• WHAT NEEDS TO BE DONE
Among the entries that follow, find every line with the word "Aphi" and list it.

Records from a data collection
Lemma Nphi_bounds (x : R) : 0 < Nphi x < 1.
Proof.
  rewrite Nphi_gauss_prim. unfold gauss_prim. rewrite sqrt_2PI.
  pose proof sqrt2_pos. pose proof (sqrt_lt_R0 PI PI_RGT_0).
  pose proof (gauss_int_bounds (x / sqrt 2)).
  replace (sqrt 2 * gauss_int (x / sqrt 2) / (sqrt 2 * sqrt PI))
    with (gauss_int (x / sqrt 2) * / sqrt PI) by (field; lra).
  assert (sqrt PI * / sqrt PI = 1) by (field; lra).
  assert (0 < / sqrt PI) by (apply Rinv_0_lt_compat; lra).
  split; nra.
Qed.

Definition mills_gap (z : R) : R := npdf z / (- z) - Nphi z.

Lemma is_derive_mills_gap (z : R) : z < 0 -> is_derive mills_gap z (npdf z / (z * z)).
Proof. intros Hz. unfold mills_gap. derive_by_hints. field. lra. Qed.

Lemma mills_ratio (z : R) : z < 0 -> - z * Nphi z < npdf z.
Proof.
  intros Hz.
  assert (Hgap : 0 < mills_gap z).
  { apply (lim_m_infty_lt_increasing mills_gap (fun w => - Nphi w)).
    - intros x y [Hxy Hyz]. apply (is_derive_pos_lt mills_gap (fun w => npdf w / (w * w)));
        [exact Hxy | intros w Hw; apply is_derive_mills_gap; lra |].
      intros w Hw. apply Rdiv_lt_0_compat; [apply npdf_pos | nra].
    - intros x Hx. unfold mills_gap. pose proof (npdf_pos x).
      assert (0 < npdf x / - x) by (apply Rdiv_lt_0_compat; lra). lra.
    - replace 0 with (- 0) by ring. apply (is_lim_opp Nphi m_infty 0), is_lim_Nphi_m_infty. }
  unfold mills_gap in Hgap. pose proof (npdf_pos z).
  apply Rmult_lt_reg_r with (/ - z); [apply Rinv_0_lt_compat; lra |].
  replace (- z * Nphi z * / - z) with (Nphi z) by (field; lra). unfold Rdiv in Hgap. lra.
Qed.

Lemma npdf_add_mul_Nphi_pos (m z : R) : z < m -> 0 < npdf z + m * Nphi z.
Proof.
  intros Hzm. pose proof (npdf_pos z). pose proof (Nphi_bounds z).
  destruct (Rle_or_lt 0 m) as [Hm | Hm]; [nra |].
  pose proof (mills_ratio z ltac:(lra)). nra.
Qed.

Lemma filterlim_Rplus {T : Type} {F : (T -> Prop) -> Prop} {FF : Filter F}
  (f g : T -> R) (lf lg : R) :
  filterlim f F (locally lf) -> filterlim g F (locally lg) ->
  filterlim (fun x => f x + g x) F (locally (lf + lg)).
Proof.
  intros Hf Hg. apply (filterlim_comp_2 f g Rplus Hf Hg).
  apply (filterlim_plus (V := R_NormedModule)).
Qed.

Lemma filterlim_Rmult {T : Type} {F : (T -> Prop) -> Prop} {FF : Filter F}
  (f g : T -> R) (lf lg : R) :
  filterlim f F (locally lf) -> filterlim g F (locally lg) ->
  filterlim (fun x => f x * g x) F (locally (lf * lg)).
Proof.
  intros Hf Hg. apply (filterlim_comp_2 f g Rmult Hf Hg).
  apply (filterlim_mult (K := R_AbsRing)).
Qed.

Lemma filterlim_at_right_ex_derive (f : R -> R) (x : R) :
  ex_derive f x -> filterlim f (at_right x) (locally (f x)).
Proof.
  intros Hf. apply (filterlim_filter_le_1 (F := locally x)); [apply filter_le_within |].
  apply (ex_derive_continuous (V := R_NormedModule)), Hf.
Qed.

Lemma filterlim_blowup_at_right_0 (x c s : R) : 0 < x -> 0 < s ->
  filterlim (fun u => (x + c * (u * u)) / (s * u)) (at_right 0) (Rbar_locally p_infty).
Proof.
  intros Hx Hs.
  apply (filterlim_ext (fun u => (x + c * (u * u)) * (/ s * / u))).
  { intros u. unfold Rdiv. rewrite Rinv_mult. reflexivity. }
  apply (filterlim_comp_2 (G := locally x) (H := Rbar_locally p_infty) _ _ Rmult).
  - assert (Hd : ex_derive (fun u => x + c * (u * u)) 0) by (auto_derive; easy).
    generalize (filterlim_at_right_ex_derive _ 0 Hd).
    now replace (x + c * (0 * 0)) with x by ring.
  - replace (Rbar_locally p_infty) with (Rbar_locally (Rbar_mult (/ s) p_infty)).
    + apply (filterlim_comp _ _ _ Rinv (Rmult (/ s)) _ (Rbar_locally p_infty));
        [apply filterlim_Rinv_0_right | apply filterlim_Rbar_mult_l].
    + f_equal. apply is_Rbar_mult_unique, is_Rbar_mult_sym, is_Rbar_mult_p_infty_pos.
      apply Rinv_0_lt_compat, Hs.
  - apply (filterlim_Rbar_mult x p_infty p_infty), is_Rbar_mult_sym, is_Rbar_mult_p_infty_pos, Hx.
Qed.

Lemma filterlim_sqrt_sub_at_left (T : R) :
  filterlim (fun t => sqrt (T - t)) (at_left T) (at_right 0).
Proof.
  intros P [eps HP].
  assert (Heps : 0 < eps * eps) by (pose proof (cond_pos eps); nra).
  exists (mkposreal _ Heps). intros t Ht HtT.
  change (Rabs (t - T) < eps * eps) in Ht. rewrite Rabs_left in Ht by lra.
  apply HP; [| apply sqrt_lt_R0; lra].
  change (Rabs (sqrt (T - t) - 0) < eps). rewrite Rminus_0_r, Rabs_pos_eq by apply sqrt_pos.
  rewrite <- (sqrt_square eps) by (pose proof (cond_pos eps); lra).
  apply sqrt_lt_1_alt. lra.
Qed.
--
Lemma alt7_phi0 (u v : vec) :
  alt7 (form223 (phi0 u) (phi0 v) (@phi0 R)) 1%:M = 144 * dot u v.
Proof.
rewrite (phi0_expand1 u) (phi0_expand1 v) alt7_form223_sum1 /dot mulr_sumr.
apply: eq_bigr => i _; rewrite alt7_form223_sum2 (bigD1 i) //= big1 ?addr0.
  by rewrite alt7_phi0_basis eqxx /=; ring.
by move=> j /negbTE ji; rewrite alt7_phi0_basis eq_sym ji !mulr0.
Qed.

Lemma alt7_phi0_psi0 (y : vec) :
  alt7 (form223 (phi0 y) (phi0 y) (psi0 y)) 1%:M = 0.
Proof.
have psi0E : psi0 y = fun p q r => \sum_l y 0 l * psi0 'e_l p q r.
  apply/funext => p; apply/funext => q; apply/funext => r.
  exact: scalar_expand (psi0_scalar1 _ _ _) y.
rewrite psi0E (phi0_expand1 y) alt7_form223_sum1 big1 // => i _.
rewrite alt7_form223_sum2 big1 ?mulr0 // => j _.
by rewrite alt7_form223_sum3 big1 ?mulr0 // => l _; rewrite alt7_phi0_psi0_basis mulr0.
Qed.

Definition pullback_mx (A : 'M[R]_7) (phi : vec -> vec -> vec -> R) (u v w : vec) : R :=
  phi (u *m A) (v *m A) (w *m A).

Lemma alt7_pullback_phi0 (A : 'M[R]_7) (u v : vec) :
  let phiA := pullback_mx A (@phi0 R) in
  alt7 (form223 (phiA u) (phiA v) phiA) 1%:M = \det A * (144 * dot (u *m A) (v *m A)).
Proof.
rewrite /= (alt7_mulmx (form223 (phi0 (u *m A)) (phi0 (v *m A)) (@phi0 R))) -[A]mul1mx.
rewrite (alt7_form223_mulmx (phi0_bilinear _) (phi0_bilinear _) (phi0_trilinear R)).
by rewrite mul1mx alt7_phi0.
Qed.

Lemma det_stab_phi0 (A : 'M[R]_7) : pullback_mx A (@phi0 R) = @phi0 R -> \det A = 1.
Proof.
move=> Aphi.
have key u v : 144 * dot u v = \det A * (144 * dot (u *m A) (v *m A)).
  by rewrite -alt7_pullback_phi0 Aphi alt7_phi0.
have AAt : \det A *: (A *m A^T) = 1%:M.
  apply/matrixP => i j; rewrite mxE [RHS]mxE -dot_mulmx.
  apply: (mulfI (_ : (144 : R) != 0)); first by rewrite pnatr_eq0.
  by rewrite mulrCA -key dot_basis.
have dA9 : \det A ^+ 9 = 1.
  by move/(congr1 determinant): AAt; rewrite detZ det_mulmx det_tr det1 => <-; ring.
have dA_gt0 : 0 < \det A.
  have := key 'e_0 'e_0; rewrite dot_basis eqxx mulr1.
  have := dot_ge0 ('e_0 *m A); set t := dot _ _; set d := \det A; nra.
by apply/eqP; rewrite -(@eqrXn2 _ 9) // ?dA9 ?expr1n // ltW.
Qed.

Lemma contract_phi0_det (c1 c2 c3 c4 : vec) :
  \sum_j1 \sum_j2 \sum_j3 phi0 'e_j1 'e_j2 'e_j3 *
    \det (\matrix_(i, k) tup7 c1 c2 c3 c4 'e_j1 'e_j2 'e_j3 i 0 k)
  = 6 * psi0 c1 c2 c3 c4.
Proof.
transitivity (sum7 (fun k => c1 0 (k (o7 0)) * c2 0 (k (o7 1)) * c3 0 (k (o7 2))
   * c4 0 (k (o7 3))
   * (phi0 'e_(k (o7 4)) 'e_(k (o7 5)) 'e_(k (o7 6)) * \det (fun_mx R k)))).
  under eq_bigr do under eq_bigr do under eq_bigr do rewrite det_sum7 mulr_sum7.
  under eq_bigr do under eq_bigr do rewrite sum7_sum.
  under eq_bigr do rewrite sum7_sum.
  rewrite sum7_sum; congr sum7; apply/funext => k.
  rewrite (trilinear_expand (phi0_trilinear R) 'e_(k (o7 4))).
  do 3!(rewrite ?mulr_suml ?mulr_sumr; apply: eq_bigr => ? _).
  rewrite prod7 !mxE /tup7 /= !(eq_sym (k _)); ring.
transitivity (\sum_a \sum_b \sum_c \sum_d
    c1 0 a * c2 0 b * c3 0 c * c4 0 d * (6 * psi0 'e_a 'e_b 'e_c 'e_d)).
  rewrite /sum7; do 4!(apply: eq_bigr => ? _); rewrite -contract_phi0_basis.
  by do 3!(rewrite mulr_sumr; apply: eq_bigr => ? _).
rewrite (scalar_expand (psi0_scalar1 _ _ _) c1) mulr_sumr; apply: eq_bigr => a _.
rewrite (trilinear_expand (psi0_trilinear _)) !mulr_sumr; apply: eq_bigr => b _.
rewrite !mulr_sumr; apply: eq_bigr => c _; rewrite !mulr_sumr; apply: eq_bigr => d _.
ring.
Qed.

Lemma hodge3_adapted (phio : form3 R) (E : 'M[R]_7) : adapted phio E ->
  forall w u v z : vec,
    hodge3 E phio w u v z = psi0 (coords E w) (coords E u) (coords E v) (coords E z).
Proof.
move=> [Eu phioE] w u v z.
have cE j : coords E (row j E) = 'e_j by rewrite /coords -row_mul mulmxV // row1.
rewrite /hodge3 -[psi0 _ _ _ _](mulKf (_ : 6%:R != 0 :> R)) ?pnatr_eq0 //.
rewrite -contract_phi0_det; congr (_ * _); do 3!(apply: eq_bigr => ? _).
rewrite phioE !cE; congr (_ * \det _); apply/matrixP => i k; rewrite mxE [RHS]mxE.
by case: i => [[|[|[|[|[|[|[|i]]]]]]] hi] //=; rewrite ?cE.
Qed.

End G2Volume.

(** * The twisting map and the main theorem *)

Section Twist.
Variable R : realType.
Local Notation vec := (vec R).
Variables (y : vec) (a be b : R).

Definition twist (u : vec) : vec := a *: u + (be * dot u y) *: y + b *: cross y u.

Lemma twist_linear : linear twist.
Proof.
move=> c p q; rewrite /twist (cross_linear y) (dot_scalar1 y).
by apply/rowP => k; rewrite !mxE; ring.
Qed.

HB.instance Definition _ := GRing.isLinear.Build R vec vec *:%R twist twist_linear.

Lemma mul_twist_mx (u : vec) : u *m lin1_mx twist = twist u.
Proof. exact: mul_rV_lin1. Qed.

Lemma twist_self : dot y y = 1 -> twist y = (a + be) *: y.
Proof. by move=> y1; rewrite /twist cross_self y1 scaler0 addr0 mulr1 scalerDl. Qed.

• TASK ANSWER
move=> Aphi.
  by rewrite -alt7_pullback_phi0 Aphi alt7_phi0.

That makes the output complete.